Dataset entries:
Lemma continuous_space_dder F vs t y : smooth_on D F -> D (t, y) ->
  {for y, continuous (fun z => dder vs F (t, z))}.
Proof.
move=> [_ smF] Dty; apply: (continuous_comp (f := pair t)).
  by apply: (cvg_pair (cvg_cst t) cvg_id); apply: nbhs_filter.
exact: (smF vs _ Dty).2.
Qed.

End TimeSlices.

Section Lines.
Variables (R : realType) (V W : normedModType R) (v y : V).
Local Notation line := (fun r : R => r *: v + y).

Lemma derive_along_line (F : V -> W) (s : R) :
  'D_1 (fun r : R => F (r *: v + y)) s = 'D_v F (s *: v + y).
Proof.
have shift :
    (fun h : R => h^-1 *: ((fun r : R => F (r *: v + y)) (h *: 1 + s) - F (s *: v + y)))
  = (fun h : R => h^-1 *: (F (h *: v + (s *: v + y)) - F (s *: v + y))).
  by apply/funext => h /=; rewrite [h *: 1]mulr1 scalerDl addrA.
by rewrite /derive shift.
Qed.

Lemma is_diff_line (p : R) : is_diff p line (( *:%R^~ v) + 0).
Proof. exact: is_diffD. Qed.

Lemma dder_line u vs : dder (u :: vs) line = cst (if vs is [::] then u *: v else 0).
Proof.
elim: vs u => [|u' vs IH] u; apply/funext => p.
  by rewrite /= deriveE ?diff_val /= ?addr0 //; case: (is_diff_line p).
by transitivity ('D_u (dder (u' :: vs) line) p); rewrite // IH derive_cst.
Qed.

Lemma continuous_line : continuous line.
Proof. by move=> p; have [dl _] := is_diff_line p; exact: differentiable_continuous. Qed.

Lemma smooth_on_line (O : set R) : open O -> smooth_on O line.
Proof.
move=> oO; split => // -[|u vs] p _; last first.
  by rewrite dder_line; split; [move=> w; exact: derivable_cst | exact: cst_continuous].
have [dl _] := is_diff_line p.
by split; [move=> w; exact: diff_derivable | exact: continuous_line].
Qed.

End Lines.

Lemma dder_eq_on_open (R : realType) (V W : normedModType R) (O : set V)
    (f g : V -> W) :
  open O -> (forall p, O p -> f p = g p) ->
  forall vs p, O p -> dder vs f p = dder vs g p.
Proof.
move=> oO fg; elim=> [|u vs IH] p Op /=; first exact: fg.
apply: near_eq_derive; apply: filterS (open_nbhs_nbhs (conj oO Op)) => q Oq.
exact: IH.
Qed.

Lemma smooth_on_eq (R : realType) (V W : normedModType R) (O : set V)
    (f g : V -> W) :
  (forall p, O p -> f p = g p) -> smooth_on O f -> smooth_on O g.
Proof.
move=> fg [oO smf]; split => // vs p Op.
have fg_near : {near p, dder vs f =1 dder vs g}.
  apply: filterS (open_nbhs_nbhs (conj oO Op)) => q.
  exact: dder_eq_on_open oO fg vs q.
have [df cf] := smf vs p Op.
split; first by move=> u; exact: near_eq_derivable fg_near (df u).
by apply: cvg_trans (near_eq_cvg fg_near) _; rewrite -(dder_eq_on_open oO fg).
Qed.

Section Integrals.
Local Open Scope ereal_scope.
Context d (T : measurableType d) (R : realType) (mu : {measure set T -> \bar R}).

(* The energy density of a curve is not known to be measurable. *)
Lemma ge0_le_integral_nonmeasurable (D : set T) (f1 f2 : T -> \bar R) :
  (forall x, D x -> 0 <= f1 x) -> (forall x, D x -> f1 x <= f2 x) ->
  \int[mu]_(x in D) f1 x <= \int[mu]_(x in D) f2 x.
Proof.
move=> f1_ge0 f12.
have f2_ge0 x : D x -> 0 <= f2 x by move=> Dx; exact: le_trans (f1_ge0 x Dx) (f12 x Dx).
rewrite ge0_integralE // [leRHS]ge0_integralE //=.
apply: ereal_sup_le => _ [h /= hf1 <-]; exists h => //= x.
apply: le_trans (hf1 x) _; rewrite /patch; case: ifP => // /set_mem Dx.
exact: f12.
Qed.

Lemma integral_le0 (D : set T) (f : T -> R) :
  (forall x, D x -> f x <= 0)%R -> \int[mu]_(x in D) (f x)%:E <= 0.
Proof.
move=> f_le0; have -> : (fun x => (f x)%:E) = (fun x => - (- f x)%:E).
  by apply/funext => x; rewrite EFinN oppeK.
rewrite integral_ge0N => [|x Dx]; last by rewrite lee_fin oppr_ge0 f_le0.
by rewrite oppe_le0; apply: integral_ge0 => x Dx; rewrite lee_fin oppr_ge0 f_le0.
Qed.

End Integrals.

Lemma integral_ball_gt0 (R : realType) (x eps c : R) (f : R -> R) :
  0 < eps -> 0 < c -> (forall s, ball x eps s -> c <= f s) ->
  (0 < \int[@lebesgue_measure R]_(s in ball x eps) (f s)%:E)%E.
Proof.
move=> eps_gt0 c_gt0 cf.
apply: (@lt_le_trans _ _ (\int[lebesgue_measure]_(s in ball x eps) (cst c%:E) s)%E).
  rewrite integral_cst; last exact: measurable_realfun.measurable_ball.
  rewrite [X in (_ * X)%E](lebesgue_measure_ball x (ltW eps_gt0)) -EFinM lte_fin.
  by rewrite mulr_gt0 // mulrn_wgt0.
apply: ge0_le_integral_nonmeasurable => s Bs; rewrite lee_fin.
  exact: ltW.
exact: cf.
Qed.

Section Spacetime.
Variables (R : realType) (M : Type) (A : smooth_manifold3 R M) (I : set R)
  (N : R -> M -> R) (g : chart_idx A -> R -> 'rV[R]_3 -> 'M[R]_3).
Hypothesis HL : lorentz_data I N g.
Implicit Types (a b : chart_idx A) (x : M) (t s : R) (v y z : 'rV[R]_3).

Local Notation e1 := ((1 : R), (0 : 'rV[R]_3)).
Let U a := phi a @` cdom a.
Let G a (i j : 'I_3) (p : R * 'rV[R]_3) : R := g a p.1 p.2 i j.
Let Nc a (p : R * 'rV[R]_3) : R := N p.1 (psi a p.2).

Lemma open_time : open I. Proof. by case: HL => -[_ []]. Qed.

Lemma near_time t : I t -> \forall s \near t, I s.
Proof. by move=> It; apply: open_nbhs_nbhs; split; [exact: open_time|]. Qed.

Lemma lapse_gt0 t x : I t -> 0 < N t x.
Proof. by case: HL => _ N_gt0 _ _ _; exact: N_gt0. Qed.

Lemma lapse_neq0 t x : I t -> N t x != 0.
Proof. by move=> It; rewrite gt_eqF // lapse_gt0. Qed.

Lemma open_chart a : open (U a).
Proof. by have := @overlap_open _ _ A a a; rewrite setIid. Qed.

Lemma chart_image a x : cdom a x -> U a (phi a x). Proof. by exists x. Qed.

Lemma smooth_metric a i j : smooth_on (I `*` U a) (G a i j).
Proof. by case: HL => _ _ _ smooth_g _; exact: smooth_g. Qed.

Lemma smooth_lapse a : smooth_on (I `*` U a) (Nc a).
Proof. by case: HL => _ _ smooth_N _ _; exact: smooth_N. Qed.

Lemma dt_g_dder a t z i j : dt_g g a t z i j = dder [:: e1] (G a i j) (t, z).
Proof. by rewrite mxE /= derive_time. Qed.

Lemma dtt_g_dder a t z i j : dtt_g g a t z i j = dder [:: e1; e1] (G a i j) (t, z).
Proof.
rewrite mxE /= derive_time; congr (derive1 _ t); apply/funext => s.
by rewrite derive_time.
Qed.

Lemma dt_N_dder a t z : dt_N N t (psi a z) = dder [:: e1] (Nc a) (t, z).
Proof. by rewrite /= derive_time. Qed.

Lemma is_derive_metric a v t z : I t -> U a z ->
  is_derive t 1 (fun s => quad (g a s z) v) (quad (dt_g g a t z) v).
Proof.
move=> It Uz; apply: is_derive_quad => i j; rewrite dt_g_dder.
exact: (is_derive_time_dder [::] (smooth_metric a i j) (conj It Uz)).
Qed.

Lemma is_derive_dt_metric a v t z : I t -> U a z ->
  is_derive t 1 (fun s => quad (dt_g g a s z) v) (quad (dtt_g g a t z) v).
Proof.
move=> It Uz; apply: is_derive_quad => i j; rewrite dtt_g_dder.
have -> : (fun s => dt_g g a s z i j) = (fun s => dder [:: e1] (G a i j) (s, z)).
  by apply/funext => s; rewrite dt_g_dder.
exact: (is_derive_time_dder [:: e1] (smooth_metric a i j) (conj It Uz)).
Qed.

Lemma derivable_lapse a x t : cdom a x -> I t -> derivable (fun s => N s x) t 1.
Proof.
move=> ax It.
have [] := is_derive_time_dder [::] (smooth_lapse a) (conj It (chart_image ax)).
by rewrite /Nc /= psi_phi.
Qed.

Definition dbar2_quad_chart a v t z :=
  N t (psi a z) ^- 2 * (quad (dtt_g g a t z) v
    - dt_N N t (psi a z) * quad (dt_g g a t z) v / N t (psi a z)).

Lemma dbar_dbar_quad a x v t : cdom a x -> I t ->
  dbar N x (dbar N x (fun s => quad (g a s (phi a x)) v)) t =
  dbar2_quad_chart a v t (phi a x).
Proof.
move=> ax It; rewrite /dbar2_quad_chart psi_phi //.
apply: dbar_dbarE (derivable_lapse ax It) (lapse_neq0 x It) _
  (is_derive_dt_metric v It (chart_image ax)).
by apply: filterS (near_time It) => s Is; exact: is_derive_metric (chart_image ax).
Qed.

Lemma dbar2_quad_chart_sff a x v t : cdom a x -> I t ->
  dbar2_quad_chart a v t (phi a x) =
  N t x ^- 2 * quad (dtt_g g a t (phi a x) + 2 * dt_N N t x *: sff N g a t x) v.
Proof.
move=> ax It; rewrite /dbar2_quad_chart psi_phi // quadD quadZ /sff quadZ.
by field; rewrite lapse_neq0.
Qed.

Lemma continuous_dbar2_quad_chart a v t z : I t -> U a z ->
  {for z, continuous (dbar2_quad_chart a v t)}.
Proof.
move=> It Uz; have Dtz : (I `*` U a) (t, z) := conj It Uz.
have cN : {for z, continuous (fun w => N t (psi a w))}.
  exact: (continuous_space_dder (vs := [::]) (smooth_lapse a) Dtz).
have cNt : {for z, continuous (fun w => dt_N N t (psi a w))}.
  have -> : (fun w => dt_N N t (psi a w)) = (fun w => dder [:: e1] (Nc a) (t, w)).
    by apply/funext => w; rewrite dt_N_dder.
  exact: (continuous_space_dder (vs := [:: e1]) (smooth_lapse a) Dtz).
have cQt : {for z, continuous (fun w => quad (dt_g g a t w) v)}.
  apply: continuous_quad => i j.
  have -> : (fun w => dt_g g a t w i j) = (fun w => dder [:: e1] (G a i j) (t, w)).
    by apply/funext => w; rewrite dt_g_dder.
  exact: (continuous_space_dder (vs := [:: e1]) (smooth_metric a i j) Dtz).
have cQtt : {for z, continuous (fun w => quad (dtt_g g a t w) v)}.
  apply: continuous_quad => i j.
  have -> : (fun w => dtt_g g a t w i j) = (fun w => dder [:: e1; e1] (G a i j) (t, w)).
    by apply/funext => w; rewrite dtt_g_dder.
  exact: (continuous_space_dder (vs := [:: e1; e1]) (smooth_metric a i j) Dtz).
have N0 : N t (psi a z) != 0 := lapse_neq0 _ It.
apply: continuousM.
  by apply: continuousV; [rewrite expf_neq0 | exact: (continuousM cN cN)].
apply: continuousB cQtt _; apply: continuousM; first exact: (continuousM cNt cQt).
exact: (continuousV N0 cN).
Qed.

_WORK ITEM_
List every line from the entries above in which "cQtt" appears.

_YOUR RESPONSE_
have cQtt : {for z, continuous (fun w => quad (dtt_g g a t w) v)}.
apply: continuousB cQtt _; apply: continuousM; first exact: (continuousM cNt cQt).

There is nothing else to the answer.